The reply to the records below should contain exactly the lines from the line with "unfold Rabs; destruct" through the line with "Lemma right_cont0_comp q", and nothing besides.

• [EXTRACTED DATA]:
-- Opening Marker --

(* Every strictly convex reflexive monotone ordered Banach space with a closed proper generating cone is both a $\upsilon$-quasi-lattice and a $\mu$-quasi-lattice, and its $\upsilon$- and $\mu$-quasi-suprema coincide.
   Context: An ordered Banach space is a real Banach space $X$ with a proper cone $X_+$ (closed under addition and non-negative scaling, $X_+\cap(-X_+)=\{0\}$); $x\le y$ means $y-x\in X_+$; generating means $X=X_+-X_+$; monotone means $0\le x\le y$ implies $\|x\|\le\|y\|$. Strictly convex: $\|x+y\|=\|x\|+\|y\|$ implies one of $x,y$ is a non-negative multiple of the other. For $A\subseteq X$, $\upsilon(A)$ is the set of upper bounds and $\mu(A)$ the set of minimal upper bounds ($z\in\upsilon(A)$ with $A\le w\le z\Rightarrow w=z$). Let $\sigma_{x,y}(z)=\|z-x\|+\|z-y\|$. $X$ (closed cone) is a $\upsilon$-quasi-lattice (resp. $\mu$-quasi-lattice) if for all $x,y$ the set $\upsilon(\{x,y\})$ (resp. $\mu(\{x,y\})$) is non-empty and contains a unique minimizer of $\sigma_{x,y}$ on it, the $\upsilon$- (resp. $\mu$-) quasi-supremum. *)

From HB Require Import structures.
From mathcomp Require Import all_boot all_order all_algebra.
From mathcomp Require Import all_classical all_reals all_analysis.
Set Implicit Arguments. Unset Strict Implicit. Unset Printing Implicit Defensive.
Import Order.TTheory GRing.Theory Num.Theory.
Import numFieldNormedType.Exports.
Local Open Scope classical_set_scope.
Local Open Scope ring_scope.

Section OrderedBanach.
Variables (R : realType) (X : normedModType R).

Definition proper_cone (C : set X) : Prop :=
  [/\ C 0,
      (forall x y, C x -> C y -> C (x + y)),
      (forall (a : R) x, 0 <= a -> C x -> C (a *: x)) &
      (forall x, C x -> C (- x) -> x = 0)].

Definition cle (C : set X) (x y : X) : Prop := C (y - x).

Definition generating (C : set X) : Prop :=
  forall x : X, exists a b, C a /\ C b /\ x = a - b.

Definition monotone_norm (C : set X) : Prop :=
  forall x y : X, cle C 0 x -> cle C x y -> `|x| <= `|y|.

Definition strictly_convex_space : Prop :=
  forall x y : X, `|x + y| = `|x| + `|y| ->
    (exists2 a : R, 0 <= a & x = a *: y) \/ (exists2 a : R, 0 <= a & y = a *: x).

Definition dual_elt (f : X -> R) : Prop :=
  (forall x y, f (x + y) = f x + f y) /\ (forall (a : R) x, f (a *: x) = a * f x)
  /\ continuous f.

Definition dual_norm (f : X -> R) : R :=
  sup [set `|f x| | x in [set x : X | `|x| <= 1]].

-- Closing Marker --
-- Opening Marker --

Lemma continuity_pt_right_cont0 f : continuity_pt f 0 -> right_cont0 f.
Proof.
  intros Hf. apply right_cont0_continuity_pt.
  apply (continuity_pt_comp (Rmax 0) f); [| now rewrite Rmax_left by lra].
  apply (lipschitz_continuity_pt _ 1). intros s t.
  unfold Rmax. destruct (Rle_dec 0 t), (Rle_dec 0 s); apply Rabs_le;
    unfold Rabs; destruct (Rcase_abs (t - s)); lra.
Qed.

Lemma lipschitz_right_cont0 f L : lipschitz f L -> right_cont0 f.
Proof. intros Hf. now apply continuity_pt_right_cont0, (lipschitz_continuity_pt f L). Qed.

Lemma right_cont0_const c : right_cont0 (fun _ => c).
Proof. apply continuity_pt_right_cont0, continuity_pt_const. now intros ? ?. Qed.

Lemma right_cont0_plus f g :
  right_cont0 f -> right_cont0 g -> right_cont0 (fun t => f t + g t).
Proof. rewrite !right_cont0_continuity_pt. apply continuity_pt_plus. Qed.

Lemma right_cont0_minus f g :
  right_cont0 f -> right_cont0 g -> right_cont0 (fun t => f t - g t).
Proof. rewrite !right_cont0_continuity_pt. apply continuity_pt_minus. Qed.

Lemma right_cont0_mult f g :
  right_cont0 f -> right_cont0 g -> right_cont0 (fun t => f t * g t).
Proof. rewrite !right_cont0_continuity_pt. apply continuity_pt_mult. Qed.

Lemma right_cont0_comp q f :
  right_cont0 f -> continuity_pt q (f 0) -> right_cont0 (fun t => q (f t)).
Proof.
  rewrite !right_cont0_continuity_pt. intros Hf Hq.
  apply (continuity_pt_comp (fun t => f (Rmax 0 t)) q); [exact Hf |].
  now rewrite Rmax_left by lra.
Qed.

-- Closing Marker --

• [ANSWER SPACE]:
    unfold Rabs; destruct (Rcase_abs (t - s)); lra.
Qed.

Lemma lipschitz_right_cont0 f L : lipschitz f L -> right_cont0 f.
Proof. intros Hf. now apply continuity_pt_right_cont0, (lipschitz_continuity_pt f L). Qed.

Lemma right_cont0_const c : right_cont0 (fun _ => c).
Proof. apply continuity_pt_right_cont0, continuity_pt_const. now intros ? ?. Qed.

Lemma right_cont0_plus f g :
  right_cont0 f -> right_cont0 g -> right_cont0 (fun t => f t + g t).
Proof. rewrite !right_cont0_continuity_pt. apply continuity_pt_plus. Qed.

Lemma right_cont0_minus f g :
  right_cont0 f -> right_cont0 g -> right_cont0 (fun t => f t - g t).
Proof. rewrite !right_cont0_continuity_pt. apply continuity_pt_minus. Qed.

Lemma right_cont0_mult f g :
  right_cont0 f -> right_cont0 g -> right_cont0 (fun t => f t * g t).
Proof. rewrite !right_cont0_continuity_pt. apply continuity_pt_mult. Qed.

Lemma right_cont0_comp q f :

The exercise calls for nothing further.